MAPKAPK 2 kinase assays. Cells were pretreated with inhibitors where indicated for 2 h before being stimulated with butyrate for 24 h. Cells were harvested in solubilization buffer (20 mM HEPES, pH 7.2, 100 mM NaCl, 5 mM EGTA, 2 mM EDTA, 20 mM NaF, 25 mM beta-glycerophosphate, and 1% Nonidet P-40; with freshly added 1x complete protease inhibitor cocktail, 1 mM sodium orthovanadate, 1 mM DTT, and 1 µg/ml microcystin), sonicated twice for 10 s, and centrifuged at 10,000 g for 15 min. Protein concentrations were determined using the Bradford assay (Bio-Rad). One milligram of protein lysate was precleared by incubating with 5 µl of nonspecific rabbit IgG on a rotator at 4°C for 1 h. Fifty microliters of Pansorbin cells (Calbiochem, La Jolla, CA) were then added and incubated on a rotator at 4°C for 1 h followed by a 2,000 g spin for 1 min.

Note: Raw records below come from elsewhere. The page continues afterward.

Lemma mu_model_ge0 : is_DMP model S pol -> 0 <= mu model S pol Y.
Proof.
move=> hD; have [n EV _] := card_V.
have ge0 u : 0 <= solve (M := model) S pol u Y.
  rewrite solveE EV; move: (rounds_rng (M := model) u n.+1 Y hD).
  by rewrite !inE => /orP [] /eqP ->.
by rewrite mu_model_coin mulr_ge0 ?addr_ge0 ?half_ge0.
Qed.

Hypotheses (S_hard : is_hard S) (pol_DMP : is_DMP model S pol).

Lemma rounds_hard_coin_indep n u u' v : v != C -> v != Y ->
  rounds model S pol u n v = rounds model S pol u' n v.
Proof.
elim: n v => [//|n IH] v vC vY; case Sv: (S v) => [D|].
  rewrite !(rounds_scope _ _ _ Sv); case: (pol_DMP Sv) => + _; apply=> w.
  by rewrite (S_hard Sv) in_set0.
case: (boolP (v \in p)) => vp; first by rewrite !rounds_path // IH ?pred_neq_C ?pred_neq_Y.
by rewrite !rounds_free //= /model_f (negbTE vY) (negbTE vC) (negbTE vp).
Qed.

Lemma mu_model_hard : S Y = None -> (b -> S C = None) -> mu model S pol Y = 2^-1.
Proof.
move=> SY SC; have [n EV _] := card_V.
rewrite mu_model_coin !solveE EV !rounds_Y //.
rewrite (rounds_hard_coin_indep _ [ffun=> true] [ffun=> false]) ?pred_neq_C ?pred_neq_Y //.
move: (rounds_rng (M := model) [ffun=> false] n (path_pred X p Y) pol_DMP); rewrite !ffunE.
rewrite !inE => /orP [] /eqP ->.
  by rewrite eqxx (eq_sym 0) oner_eq0 /= addr0 mulr1.
by rewrite eqxx oner_eq0 /= add0r mulr1.
Qed.

End ModelRounds.

Definition copy_C : V -> (V -> R) -> R := fun _ x => (x C == 1)%:R.

Let S1 := mps_single X [set C].

Let S1_C : S1 C = None.
Proof. by rewrite ffunE ifN //; apply: contraNneq C_notin_Xp => ->; rewrite mem_head. Qed.

Let S1_Y : S1 Y = None.
Proof. by rewrite ffunE eq_sym (negbTE X_neq_Y). Qed.

Lemma copy_C_DMP : is_DMP model S1 copy_C.
Proof.
move=> v D; rewrite ffunE; case: ifP => // _ [<-].
by split=> [x x' /(_ C (set11 C)) eqC | x]; rewrite /copy_C ?eqC ?bool_natr_mem01.
Qed.

Lemma rounds_copy (u : {ffun unit -> bool}) j n : (j < size p)%N -> (j <= n)%N ->
  rounds model S1 copy_C u n.+2 (nth X (X :: p) j) = (u tt)%:R.
Proof.
elim: j n => [|j IH] n jp jn.
  have S1_X : S1 X = Some [set C] by rewrite ffunE eqxx.
  by rewrite (rounds_scope _ _ _ S1_X) /copy_C rounds_C // bool_natr_eq1.
case: n jn => // n jn; have jp' := ltnW jp; have Xnp : X \notin p by case/andP: uniq_Xp.
have vp : nth X (X :: p) j.+1 \in p by rewrite /= mem_nth.
have S1v : S1 (nth X (X :: p) j.+1) = None.
  by rewrite ffunE ifN //; apply: contraNneq Xnp => <-.
have vY : nth X (X :: p) j.+1 != Y by rewrite Y_nth nth_uniq //=; lia.
by rewrite rounds_path // path_pred_nth // IH // bool_natr_eq1.
Qed.

Lemma mu_model_copy : mu model S1 copy_C Y = 0.
Proof.
have [[|n] EV pn] := card_V; first by move: Y_in_p pn; case: (p).
have p_gt0 : (0 < size p)%N by move: Y_in_p; case: (p).
have predY : path_pred X p Y = nth X (X :: p) (size p).-1.
  by rewrite Y_nth -{1}(prednK p_gt0) path_pred_nth // ltn_predL.
have pn' : ((size p).-1 <= n)%N by rewrite -ltnS prednK.
have pl : ((size p).-1 < size p)%N by rewrite ltn_predL.
by rewrite mu_model_coin !solveE EV !rounds_Y // predY !rounds_copy // !eqxx addr0 mulr0.
Qed.

End Model.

Supernatants were incubated overnight with 7 µg of anti-MAPKAPK 2 antibody on a rotator at 4°C. Immune complexes were collected using 50 µl of a 50% protein-G agarose slurry (Upstate Biotechnologies, Lake Placid, NY) for 1 h. The immune complexes were washed twice with solubilization buffer and twice with assay dilution buffer (20 mM MOPS, pH 7.2, 25 mM beta-glycerophosphate, 20 mM MgCl2, 5 mM EGTA, 2 mM EDTA, 1 mM DTT, and 1 mM sodium orthovanadate). Kinase assays were carried out in assay dilution buffer in a final volume of 40 µl that included the immune complexes, 1 µg of recombinant heat shock protein 27 (Hsp27) (Stressgen) as the substrate, 5 µM PKI (a PKA inhibitor, 6–22 amide) purchased from Calbiochem, 20 µM RO318220 methanesulfonate salt (an inhibitor of G protein-coupled receptor kinase, PKC, MAPKAP1beta, p70 S6 kinase) purchased from Sigma Aldrich, and 0.5 µg of ATP (250 µM {gamma}-[32P]ATP, 1 µCi; GE Healthcare) for 20 min at 30°C. Samples were then boiled in 5x sample buffer and resolved by SDS-PAGE. Gels were subsequently stained using Coomassie blue, dried, and exposed to film overnight at –70°C.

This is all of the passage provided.